▸ Excerpts from a dataset
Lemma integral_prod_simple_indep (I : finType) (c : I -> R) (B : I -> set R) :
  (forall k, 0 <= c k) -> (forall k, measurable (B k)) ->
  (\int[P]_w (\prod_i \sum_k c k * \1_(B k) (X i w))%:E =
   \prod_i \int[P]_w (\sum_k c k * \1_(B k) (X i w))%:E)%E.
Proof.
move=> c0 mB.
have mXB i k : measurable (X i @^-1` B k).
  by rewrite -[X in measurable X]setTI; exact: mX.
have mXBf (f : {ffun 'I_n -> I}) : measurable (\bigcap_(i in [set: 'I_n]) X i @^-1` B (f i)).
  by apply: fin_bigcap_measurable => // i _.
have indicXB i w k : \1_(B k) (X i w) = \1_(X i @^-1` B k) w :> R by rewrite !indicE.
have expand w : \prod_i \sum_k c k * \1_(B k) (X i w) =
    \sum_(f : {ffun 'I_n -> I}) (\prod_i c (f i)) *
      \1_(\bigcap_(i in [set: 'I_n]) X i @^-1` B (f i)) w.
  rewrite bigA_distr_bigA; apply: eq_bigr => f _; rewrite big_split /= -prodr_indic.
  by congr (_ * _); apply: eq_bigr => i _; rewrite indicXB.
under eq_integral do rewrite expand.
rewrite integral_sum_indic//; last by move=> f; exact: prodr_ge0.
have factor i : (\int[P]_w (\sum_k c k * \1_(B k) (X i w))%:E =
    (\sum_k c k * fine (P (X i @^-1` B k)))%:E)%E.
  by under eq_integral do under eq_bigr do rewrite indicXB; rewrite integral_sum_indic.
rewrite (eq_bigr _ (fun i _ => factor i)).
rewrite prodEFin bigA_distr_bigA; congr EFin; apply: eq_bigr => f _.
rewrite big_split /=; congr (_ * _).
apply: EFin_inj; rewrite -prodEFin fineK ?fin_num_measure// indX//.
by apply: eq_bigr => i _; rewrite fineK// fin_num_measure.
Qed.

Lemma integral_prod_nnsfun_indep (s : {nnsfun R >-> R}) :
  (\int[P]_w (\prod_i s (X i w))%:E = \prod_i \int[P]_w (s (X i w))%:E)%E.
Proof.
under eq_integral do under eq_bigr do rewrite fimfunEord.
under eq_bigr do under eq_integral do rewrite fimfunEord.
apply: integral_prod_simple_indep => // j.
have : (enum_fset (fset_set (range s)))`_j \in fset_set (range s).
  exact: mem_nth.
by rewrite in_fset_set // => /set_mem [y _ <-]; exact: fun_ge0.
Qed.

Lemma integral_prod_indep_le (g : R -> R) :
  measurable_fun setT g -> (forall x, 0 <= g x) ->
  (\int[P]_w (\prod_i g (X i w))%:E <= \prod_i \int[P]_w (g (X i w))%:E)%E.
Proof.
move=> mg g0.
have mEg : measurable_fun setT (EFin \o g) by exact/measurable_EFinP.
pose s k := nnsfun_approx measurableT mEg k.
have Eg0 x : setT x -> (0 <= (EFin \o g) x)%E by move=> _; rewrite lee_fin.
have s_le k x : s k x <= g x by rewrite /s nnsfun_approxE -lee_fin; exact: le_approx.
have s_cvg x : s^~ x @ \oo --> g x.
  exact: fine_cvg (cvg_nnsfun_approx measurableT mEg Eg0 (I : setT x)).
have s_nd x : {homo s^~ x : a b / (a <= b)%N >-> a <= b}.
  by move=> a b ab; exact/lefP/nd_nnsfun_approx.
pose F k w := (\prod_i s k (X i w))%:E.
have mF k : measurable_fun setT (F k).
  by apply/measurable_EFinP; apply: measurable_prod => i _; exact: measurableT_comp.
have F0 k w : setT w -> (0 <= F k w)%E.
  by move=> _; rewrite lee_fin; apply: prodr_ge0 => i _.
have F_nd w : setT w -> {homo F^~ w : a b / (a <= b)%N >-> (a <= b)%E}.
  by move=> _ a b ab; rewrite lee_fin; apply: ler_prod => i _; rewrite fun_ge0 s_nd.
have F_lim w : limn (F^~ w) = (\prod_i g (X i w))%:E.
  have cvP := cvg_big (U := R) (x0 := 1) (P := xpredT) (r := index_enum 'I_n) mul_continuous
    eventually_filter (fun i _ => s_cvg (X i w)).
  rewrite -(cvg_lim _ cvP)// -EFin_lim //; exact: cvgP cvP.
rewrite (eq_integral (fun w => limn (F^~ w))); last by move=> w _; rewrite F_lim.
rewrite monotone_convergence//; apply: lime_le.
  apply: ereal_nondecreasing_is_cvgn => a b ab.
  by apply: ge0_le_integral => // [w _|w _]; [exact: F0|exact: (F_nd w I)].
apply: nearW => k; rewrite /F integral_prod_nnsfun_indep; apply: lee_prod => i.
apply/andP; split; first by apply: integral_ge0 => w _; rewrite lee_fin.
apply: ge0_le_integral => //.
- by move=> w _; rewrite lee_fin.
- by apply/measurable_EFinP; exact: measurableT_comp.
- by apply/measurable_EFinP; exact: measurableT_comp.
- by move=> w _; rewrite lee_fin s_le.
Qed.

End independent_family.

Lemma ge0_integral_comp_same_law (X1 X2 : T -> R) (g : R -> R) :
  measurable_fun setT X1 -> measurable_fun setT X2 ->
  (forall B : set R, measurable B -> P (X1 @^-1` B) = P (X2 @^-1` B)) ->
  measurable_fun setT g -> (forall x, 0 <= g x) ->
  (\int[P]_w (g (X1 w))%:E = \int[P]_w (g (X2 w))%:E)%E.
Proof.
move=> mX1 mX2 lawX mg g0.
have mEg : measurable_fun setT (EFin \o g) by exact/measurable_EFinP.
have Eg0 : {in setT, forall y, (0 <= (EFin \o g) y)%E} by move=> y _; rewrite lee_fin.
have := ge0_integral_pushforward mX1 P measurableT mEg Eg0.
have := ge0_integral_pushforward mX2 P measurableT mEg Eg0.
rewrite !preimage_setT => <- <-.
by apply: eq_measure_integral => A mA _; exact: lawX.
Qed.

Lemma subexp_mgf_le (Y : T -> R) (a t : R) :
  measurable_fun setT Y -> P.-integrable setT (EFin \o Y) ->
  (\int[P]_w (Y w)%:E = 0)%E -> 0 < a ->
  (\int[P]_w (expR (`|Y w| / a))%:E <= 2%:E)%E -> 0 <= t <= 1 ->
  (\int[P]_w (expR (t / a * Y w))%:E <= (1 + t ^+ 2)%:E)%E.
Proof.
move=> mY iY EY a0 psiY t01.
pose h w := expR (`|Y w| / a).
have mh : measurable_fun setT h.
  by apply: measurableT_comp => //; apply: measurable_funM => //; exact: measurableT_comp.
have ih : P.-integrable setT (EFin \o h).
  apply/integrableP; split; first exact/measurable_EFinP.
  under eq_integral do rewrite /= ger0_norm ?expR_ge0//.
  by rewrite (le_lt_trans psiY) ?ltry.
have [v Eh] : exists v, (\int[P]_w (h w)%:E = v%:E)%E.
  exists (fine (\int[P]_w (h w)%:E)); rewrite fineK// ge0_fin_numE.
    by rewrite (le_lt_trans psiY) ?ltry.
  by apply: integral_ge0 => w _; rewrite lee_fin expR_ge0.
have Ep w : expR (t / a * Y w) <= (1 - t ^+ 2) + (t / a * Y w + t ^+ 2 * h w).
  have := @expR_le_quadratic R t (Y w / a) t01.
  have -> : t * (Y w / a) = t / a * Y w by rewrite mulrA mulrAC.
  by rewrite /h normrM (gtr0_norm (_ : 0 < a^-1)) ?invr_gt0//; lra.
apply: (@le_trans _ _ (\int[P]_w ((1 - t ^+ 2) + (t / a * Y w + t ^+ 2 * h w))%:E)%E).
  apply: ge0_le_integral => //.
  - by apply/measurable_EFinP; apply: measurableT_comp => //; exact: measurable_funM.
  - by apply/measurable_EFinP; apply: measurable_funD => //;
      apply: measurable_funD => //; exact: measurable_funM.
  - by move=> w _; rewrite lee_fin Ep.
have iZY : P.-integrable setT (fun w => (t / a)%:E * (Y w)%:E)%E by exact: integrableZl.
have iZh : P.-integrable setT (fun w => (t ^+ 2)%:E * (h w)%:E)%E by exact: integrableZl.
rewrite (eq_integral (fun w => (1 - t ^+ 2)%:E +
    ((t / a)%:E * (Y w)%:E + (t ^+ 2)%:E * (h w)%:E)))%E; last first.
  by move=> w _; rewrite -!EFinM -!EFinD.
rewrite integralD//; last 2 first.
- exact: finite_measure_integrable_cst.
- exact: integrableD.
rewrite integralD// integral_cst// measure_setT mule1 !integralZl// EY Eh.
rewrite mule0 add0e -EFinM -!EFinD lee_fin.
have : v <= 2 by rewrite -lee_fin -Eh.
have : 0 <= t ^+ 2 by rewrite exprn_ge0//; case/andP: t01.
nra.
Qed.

▸ Task to complete
Looking at the data above, return every line from the one with "by rewrite /h" down to the one with "by move=> w _; rewrite -!EFinM -!EFinD.", exactly and inclusively.

▸ Exercise output
  by rewrite /h normrM (gtr0_norm (_ : 0 < a^-1)) ?invr_gt0//; lra.
apply: (@le_trans _ _ (\int[P]_w ((1 - t ^+ 2) + (t / a * Y w + t ^+ 2 * h w))%:E)%E).
  apply: ge0_le_integral => //.
  - by apply/measurable_EFinP; apply: measurableT_comp => //; exact: measurable_funM.
  - by apply/measurable_EFinP; apply: measurable_funD => //;
      apply: measurable_funD => //; exact: measurable_funM.
  - by move=> w _; rewrite lee_fin Ep.
have iZY : P.-integrable setT (fun w => (t / a)%:E * (Y w)%:E)%E by exact: integrableZl.
have iZh : P.-integrable setT (fun w => (t ^+ 2)%:E * (h w)%:E)%E by exact: integrableZl.
rewrite (eq_integral (fun w => (1 - t ^+ 2)%:E +
    ((t / a)%:E * (Y w)%:E + (t ^+ 2)%:E * (h w)%:E)))%E; last first.
  by move=> w _; rewrite -!EFinM -!EFinD.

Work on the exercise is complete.